Lemma wsubst_wcomm u v : wsubst (wcomm u v) = wcomm (wsubst u) (wsubst v).
Proof. by rewrite /wcomm !wsubst_cat !wsubst_inv. Qed.

Lemma fred_wsubst_fred u : fred (wsubst (fred u)) = fred (wsubst u).
Proof.
elim: u => // a u IH; rewrite /= fred_cat_fred -IH -fred_cat_fred.
case: (fred u) => [|b w] //=; case: ifP => // /wpush_cancel_linv ->.
by rewrite wsubst1_linv (fred_cancelwV [::]).
Qed.

Lemma fred_wsubst_congr u v : fred u = fred v -> fred (wsubst u) = fred (wsubst v).
Proof. by move=> H; rewrite -fred_wsubst_fred H fred_wsubst_fred. Qed.

End Substitution.

Lemma wsubst_wspecial (X : eqType) (f : bool -> word X) n :
  wsubst f (wspecial n) =
  winv (wexp (f true) n) ++ winv (wexp (f false) n) ++ wexp (f false ++ f true) n.
Proof. by rewrite /wspecial !wsubst_cat !wsubst_exp !wsubst_inv /= !cats0 !winv_exp. Qed.

Section Subgroups.
Variable X : eqType.
Implicit Types (P S : word X -> Prop).

Definition wsubgroup P :=
  [/\ P [::], forall w, P w -> P (winv w), forall u v, P u -> P v -> P (u ++ v)
    & forall u v, fred u = fred v -> P u -> P v].

Lemma gen_wsubgroup S : wsubgroup (gen S).
Proof. by split; [apply: gen_one | apply: gen_inv | apply: gen_mul | apply: gen_eq]. Qed.

Lemma gen_min S P : wsubgroup P -> (forall w, S w -> P w) -> forall w, gen S w -> P w.
Proof.
case=> P1 PV PM Pfred PS w; elim=> // [w' _|u v _ Pu _ Pv|u v H _]; auto.
exact: Pfred.
Qed.

End Subgroups.

Lemma wsubgroup_wsubst (Y X : eqType) (f : Y -> word X) (P : word X -> Prop) :
  wsubgroup P -> wsubgroup (fun w => P (wsubst f w)).
Proof.
case=> P1 PV PM Pfred; split=> // [w'|u v|u v H].
- by rewrite wsubst_inv; apply: PV.
- by rewrite wsubst_cat; apply: PM.
- by apply: Pfred; apply: fred_wsubst_congr.
Qed.

Lemma commsub_wsubst (Y X : eqType) (f : Y -> word X) (R : word Y -> Prop)
    (R' : word X -> Prop) :
  (forall w, R w -> R' (wsubst f w)) ->
  forall w, commsub (fun _ => True) R w -> commsub (fun _ => True) R' (wsubst f w).
Proof.
move=> RR'; apply: gen_min; first exact/wsubgroup_wsubst/gen_wsubgroup.
move=> _ [u [v [_ [Rv ->]]]]; rewrite wsubst_wcomm.
by apply: gen_base; exists (wsubst f u), (wsubst f v); split; last split; auto.
Qed.

Section CongruenceModFR.
Variables (X : eqType) (R : word X -> Prop).
Implicit Types (u v w x y z g r s : word X).
Local Notation FR := (commsub (fun _ => True) R).

Lemma commsub_conj g s : FR s -> FR (winv g ++ s ++ g).
Proof.
elim=> {s}.
- move=> _ [u [v [_ [Rv ->]]]].
  apply: (gen_eq (u := wcomm (u ++ g) v ++ winv (wcomm g v))); last first.
    apply: gen_mul; first by apply: gen_base; exists (u ++ g), v.
    by apply: gen_inv; apply: gen_base; exists g, v.
  rewrite /wcomm !winv_cat !winvK -!catA.
  rewrite (_ : _ ++ _ = (winv g ++ winv u ++ winv v ++ u ++ g) ++ v ++ winv v ++
                        (winv g ++ v ++ g)); last by rewrite -!catA.
  rewrite fred_cancelwV.
  rewrite (_ : _ ++ _ = (winv g ++ winv u ++ winv v ++ u) ++ g ++ winv g ++ (v ++ g));
    last by rewrite -!catA.
  by rewrite fred_cancelwV -!catA.
- by apply: (gen_eq (u := [::])); [rewrite /= fred_winvl | apply: gen_one].
- by move=> w _ /gen_inv; rewrite !winv_cat winvK catA.
- move=> u v _ FRu _ FRv.
  apply: (gen_eq (u := (winv g ++ u ++ g) ++ (winv g ++ v ++ g))); last exact: gen_mul.
  rewrite (_ : _ ++ _ = (winv g ++ u) ++ g ++ winv g ++ (v ++ g)); last by rewrite -!catA.
  by rewrite fred_cancelwV -!catA.
- move=> u v H _ /gen_eq; apply.
  by apply: fred_cat_congr => //; apply: fred_cat_congr.
Qed.

Definition wcongr x y := FR (winv x ++ y).

Lemma wcongr_fred x y : fred x = fred y -> wcongr x y.
Proof.
move=> H; apply: (gen_eq (u := [::])); last exact: gen_one.
by rewrite /= -(fred_winvl x); apply: fred_cat_congr.
Qed.

Lemma wcongr_refl x : wcongr x x.
Proof. exact: wcongr_fred. Qed.

Lemma wcongr_sym x y : wcongr x y -> wcongr y x.
Proof. by move/gen_inv; rewrite /wcongr winv_cat winvK. Qed.

Lemma wcongr_trans x y z : wcongr x y -> wcongr y z -> wcongr x z.
Proof. by move=> Hxy Hyz; apply: gen_eq (gen_mul Hxy Hyz); rewrite -catA fred_cancelwV. Qed.

Lemma wcongr_catl z x y : wcongr x y -> wcongr (z ++ x) (z ++ y).
Proof. by apply: gen_eq; rewrite winv_cat -catA fred_cancelVw. Qed.

Lemma wcongr_catr z x y : wcongr x y -> wcongr (x ++ z) (y ++ z).
Proof. by move/(commsub_conj z); rewrite /wcongr winv_cat -!catA. Qed.

Lemma wcongr_cat x x' y y' : wcongr x x' -> wcongr y y' -> wcongr (x ++ y) (x' ++ y').
Proof. by move=> Hx Hy; apply: wcongr_trans (wcongr_catr _ Hx) (wcongr_catl _ Hy). Qed.

Lemma wcongr_commute r u : R r -> wcongr (r ++ u) (u ++ r).
Proof. by move=> Rr; rewrite /wcongr winv_cat -!catA; apply: gen_base; exists u, r. Qed.

Lemma wcongr_exp_cat r s m : R s -> wcongr (wexp (r ++ s) m) (wexp r m ++ wexp s m).
Proof.
move=> Rs; elim: m => [|m IH]; first exact: wcongr_refl.
rewrite !wexpS -catA; apply: wcongr_trans (wcongr_catl _ (wcongr_catl _ IH)) _.
rewrite -catA; apply: wcongr_catl; rewrite !catA; apply: wcongr_catr.
exact: wcongr_commute.
Qed.

(* (xy)^n = x^n y^n W with all three factors in R, and powering is
   multiplicative on R modulo [F,R] *)
Lemma wcongr_exp_mul_cat n e x y :
  wsubgroup R -> (forall u, R (wexp u n)) ->
  FR (wexp (winv (wexp y n) ++ winv (wexp x n) ++ wexp (x ++ y) n) e) ->
  wcongr (wexp (x ++ y) (n * e)) (wexp x (n * e) ++ wexp y (n * e)).
Proof.
move=> [_ RV RM _] Rexp FRWe.
set X' := wexp x n; set Y' := wexp y n; set W := winv Y' ++ winv X' ++ _ in FRWe.
have defXYW : fred (wexp (x ++ y) n) = fred ((X' ++ Y') ++ W).
  by rewrite /W -catA fred_cancelwV (fred_cancelwV [::]).
have RW : R W by apply: RM (RV _ (Rexp _)) (RM _ _ (RV _ (Rexp _)) (Rexp _)).
rewrite !wexpM; apply: wcongr_trans (wcongr_fred (fred_exp_congr e defXYW)) _.
apply: wcongr_trans (wcongr_exp_cat _ _ RW) _.
rewrite -[_ ++ wexp (wexp y n) e]cats0.
exact: wcongr_cat (wcongr_exp_cat _ _ (Rexp _)) (@wcongr_sym [::] _ FRWe).
Qed.

Lemma commsub_exp_Fder m :
  (forall u, R (wexp u m)) ->
  (forall x y, wcongr (wexp (x ++ y) m) (wexp x m ++ wexp y m)) ->
  forall x, Fder x -> FR (wexp x m).
Proof.
move=> Rexp hom x; elim=> {x}.
- move=> _ [u [v [_ [_ ->]]]].
  have hom_comm : wcongr (wexp (wcomm u v) m) (wcomm (wexp u m) (wexp v m)).
    rewrite /wcomm !winv_exp.
    apply: wcongr_trans (hom _ _) _; apply: wcongr_catl.
    apply: wcongr_trans (hom _ _) _; apply: wcongr_catl.
    exact: hom.
  have FRcomm : wcongr [::] (wcomm (wexp u m) (wexp v m)).
    by apply: gen_base; exists (wexp u m), (wexp v m).
  exact: wcongr_trans FRcomm (wcongr_sym hom_comm).
- by rewrite wexp_nil; apply: gen_one.
- by move=> w _ /gen_inv; rewrite winv_exp.
- move=> u v _ FRu _ FRv.
  exact: wcongr_trans (@wcongr_cat [::] _ [::] _ FRu FRv) (wcongr_sym (hom u v)).
- by move=> u v H _ /gen_eq; apply; apply: fred_exp_congr.
Qed.

End CongruenceModFR.

Section Evaluation.
Variable gT : finGroupType.
Implicit Types (u v w : word gT).
Local Open Scope group_scope.

Lemma weval_cat u v : weval (u ++ v) = weval u * weval v.
Proof. by elim: u => [|a u IH] /=; rewrite ?mul1g // IH mulgA. Qed.

Lemma weval_inv u : weval (winv u) = (weval u)^-1.
Proof.
elim: u => [|a u IH]; first by rewrite /= invg1.
rewrite winv_cons weval_cat IH /= mulg1 invMg.
by case: a => [[] y] /=; rewrite ?invgK.
Qed.
(* Let $\mathit{VI}$ be a finite set of variables with $\#\mathit{VI}=n$. For all $j,k\in\mathbb{N}$ with $1\le j\le k\le n$, we have $\mathit{TS}_j\subseteq\mathit{TSD}_k$.
   Context: $\mathit{SG}=\wp(\mathit{VI})\setminus\{\emptyset\}$ and $\mathit{SH}=\wp(\mathit{SG})$, ordered by set inclusion. For $S\in\mathit{SG}$, $\mathrm{tuples}_j(S)=\{T\subseteq S\mid \#T=j\}$, and for $sh\in\mathit{SH}$, $\mathrm{tuples}_j(sh)=\bigcup_{S'\in sh}\mathrm{tuples}_j(S')$. Define $\rho_{\mathit{TS}_j}(sh)=\{S\in\mathit{SG}\mid \mathrm{tuples}_j(S)\subseteq\mathrm{tuples}_j(sh)\}$ and $\mathit{TS}_j=\rho_{\mathit{TS}_j}(\mathit{SH})$. Define $\rho_{\mathit{TSD}_k}(sh)=\{\,S\in\mathit{SG}\mid \forall T\subseteq S:\ \#T<k\implies S=\bigcup\{U\in sh\mid T\subseteq U\subseteq S\}\,\}$ and $\mathit{TSD}_k=\rho_{\mathit{TSD}_k}(\mathit{SH})$. *)

From mathcomp Require Import all_boot.
Set Implicit Arguments. Unset Strict Implicit. Unset Printing Implicit Defensive.

Section SharingDefs.
Variable VI : finType.

Definition is_SG (S : {set VI}) : bool := S != set0.

Definition is_SH (sh : {set {set VI}}) : bool := [forall S in sh, is_SG S].

Definition tuples (j : nat) (S : {set VI}) : {set {set VI}} :=
  [set T in powerset S | #|T| == j].

Definition tuplesSH (j : nat) (sh : {set {set VI}}) : {set {set VI}} :=
  \bigcup_(S' in sh) tuples j S'.

Definition rho_TS (j : nat) (sh : {set {set VI}}) : {set {set VI}} :=
  [set S | is_SG S & tuples j S \subset tuplesSH j sh].

Definition rho_TSD (k : nat) (sh : {set {set VI}}) : {set {set VI}} :=
  [set S | is_SG S &
     [forall T : {set VI}, (T \subset S) && (#|T| < k) ==>
        (S == \bigcup_(U in sh | (T \subset U) && (U \subset S)) U)]].

Definition in_TS (j : nat) (sh : {set {set VI}}) : Prop :=
  exists sh0, is_SH sh0 /\ sh = rho_TS j sh0.

Definition in_TSD (k : nat) (sh : {set {set VI}}) : Prop :=
  exists sh0, is_SH sh0 /\ sh = rho_TSD k sh0.

End SharingDefs.

From mathcomp Require Import all_boot.

(* Every sh = rho_TS_j sh0 is a fixpoint of rho_TSD_k, hence lies in TSD_k.
   Each S of sh covers itself, so S is kept by rho_TSD_k.  Conversely, if S is
   kept and T is a j-subset of S, pick x in T: the (j-1)-subset T :\ x has
   fewer than k elements, so some U of sh with T :\ x \subset U \subset S
   contains x; then T is a j-subset of U, hence a j-tuple of sh0. *)

Set Implicit Arguments.
Unset Strict Implicit.
Unset Printing Implicit Defensive.

Section TupleSharingClosure.

Variable VI : finType.
Implicit Types (S T U : {set VI}) (sh : {set {set VI}}).

Lemma rho_TS_SH j sh : is_SH (rho_TS j sh).
Proof. by apply/forallP => S; apply/implyP; rewrite inE => /andP[]. Qed.

Lemma rho_TS_tuplesSH j sh U T :
  U \in rho_TS j sh -> T \subset U -> #|T| = j -> T \in tuplesSH j sh.
Proof.
rewrite inE => /andP[_ /subsetP sub_tuples] TU cardT.
by apply: sub_tuples; rewrite inE powersetE TU cardT eqxx.
Qed.

Lemma mem_rho_TSD k sh S : S \in sh -> is_SG S -> S \in rho_TSD k sh.
Proof.
move=> shS SG_S; rewrite inE SG_S /=.
apply/forallP => T; apply/implyP => /andP[TS _].
rewrite eqEsubset; apply/andP; split.
  by apply: (bigcup_max S); rewrite ?shS ?TS ?subxx.
by apply/bigcupsP => U /and3P[].
Qed.

Lemma rho_TSD_cover k sh S T x :
  S \in rho_TSD k sh -> T \subset S -> #|T| < k -> x \in S ->
  exists2 U, U \in sh & [/\ T \subset U, U \subset S & x \in U].
Proof.
rewrite inE => /andP[_ /forallP/(_ T)/implyP cover] TS ltTk.
rewrite {1}(eqP (cover _)) ?TS ?ltTk // => /bigcupP[U /and3P[shU TU US] xU].
by exists U.
Qed.

Lemma rho_TSD_rho_TS j k sh :
  0 < j <= k -> rho_TSD k (rho_TS j sh) = rho_TS j sh.
Proof.
case/andP=> j_gt0 le_jk; apply/setP => S; apply/idP/idP; last first.
  by move=> TS_S; apply: mem_rho_TSD => //; move: TS_S; rewrite inE => /andP[].
move=> TSD_S; rewrite inE; apply/andP; split.
  by move: TSD_S; rewrite inE => /andP[].
apply/subsetP => T; rewrite inE powersetE => /andP[TS /eqP cardT].
have /set0Pn[x Tx] : T != set0 by rewrite -card_gt0 cardT.
have ltTxk : #|T :\ x| < k.
  by apply: leq_trans le_jk; rewrite -cardT (cardsD1 x T) Tx.
have [U TS_U [TxU _ Ux]] :=
  rho_TSD_cover TSD_S (subset_trans (subD1set T x) TS) ltTxk (subsetP TS x Tx).
apply: (rho_TS_tuplesSH TS_U) cardT.
by rewrite -(setD1K Tx) subUset sub1set Ux TxU.
Qed.

End TupleSharingClosure.

Theorem corollary3p12 (VI : finType) (n j k : nat) :
  #|VI| = n -> 1 <= j -> j <= k -> k <= n ->
  forall sh : {set {set VI}}, in_TS j sh -> in_TSD k sh.
Proof.
move=> _ j_gt0 le_jk _ sh [sh0 [_ ->]].
exists (rho_TS j sh0); split; first exact: rho_TS_SH.
by rewrite rho_TSD_rho_TS ?j_gt0.
Qed.
Lemma negligible_singleton (c : R) : negligible (fun x => x = c).
Proof.
  intros eps Heps.
  exists (fun n => if Nat.eqb n 0 then c - eps / 4 else 0),
         (fun n => if Nat.eqb n 0 then c + eps / 4 else 0); split; [|split].
  - intros n; destruct (Nat.eqb n 0); lra.
  - assert (Hsum : forall N, sum_f_R0 (fun n => (if Nat.eqb n 0 then c + eps / 4 else 0)
                     - (if Nat.eqb n 0 then c - eps / 4 else 0)) N = eps / 2).
    { induction N as [|N IH]; simpl; [lra|]; rewrite IH; lra. }
    intros N; rewrite Hsum; lra.
  - intros x ->; exists 0%nat; simpl; lra.
Qed.

Lemma ae_on_and a b (P Q : R -> Prop) :
  ae_on a b P -> ae_on a b Q -> ae_on a b (fun t => P t /\ Q t).
Proof.
  intros HP HQ.
  apply negligible_subset with
    (fun t => (a <= t <= b /\ ~ P t) \/ (a <= t <= b /\ ~ Q t)).
  - intros t [Ht HPQ]; destruct (classic (P t)); [right|left]; tauto.
  - now apply negligible_union.
Qed.

Lemma ae_on_sub (P Q : R -> Prop) a b c d :
  ae_on a b Q -> a <= c -> d <= b -> (forall t, c < t < d -> Q t -> P t) ->
  ae_on c d P.
Proof.
  intros HQ Hac Hdb HQP.
  apply negligible_subset with
    (fun t => (t = c \/ t = d) \/ (a <= t <= b /\ ~ Q t)).
  - intros t [Ht HnP].
    destruct (Req_dec t c); [now left; left|]; destruct (Req_dec t d); [now left; right|].
    right; split; [lra|]; intro; apply HnP, HQP; auto; lra.
  - apply negligible_union; [apply negligible_union; apply negligible_singleton | exact HQ].
Qed.

(** * Absolutely continuous functions *)

Definition chain_length (l : list (R * R)) : R :=
  fold_right (fun cd acc => (snd cd - fst cd) + acc) 0 l.

Definition chain_variation (f : R -> R) (l : list (R * R)) : R :=
  fold_right (fun cd acc => Rabs (f (snd cd) - f (fst cd)) + acc) 0 l.

Lemma chain_in_le_l a a' b l : chain_in a b l -> a' <= a -> chain_in a' b l.
Proof. destruct l as [|[c d] l]; simpl; intros; intuition lra. Qed.

Lemma chain_in_le_r l a b b' : chain_in a b l -> b <= b' -> chain_in a b' l.
Proof.
  revert a; induction l as [|[c d] l IH]; simpl; intros a Hl Hb; [lra|].
  destruct Hl as [? [? ?]]; split; [lra|split; [lra|]]; eauto.
Qed.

● PROBLEM REQUIREMENTS
Can you repeat, word for word, every line above from the one containing "intros HQ Hac Hdb HQP." down to the one containing "(** * Absolutely continuous functions *)", including both?

● SOLVED PROBLEM
  intros HQ Hac Hdb HQP.
  apply negligible_subset with
    (fun t => (t = c \/ t = d) \/ (a <= t <= b /\ ~ Q t)).
  - intros t [Ht HnP].
    destruct (Req_dec t c); [now left; left|]; destruct (Req_dec t d); [now left; right|].
    right; split; [lra|]; intro; apply HnP, HQP; auto; lra.
  - apply negligible_union; [apply negligible_union; apply negligible_singleton | exact HQ].
Qed.

(** * Absolutely continuous functions *)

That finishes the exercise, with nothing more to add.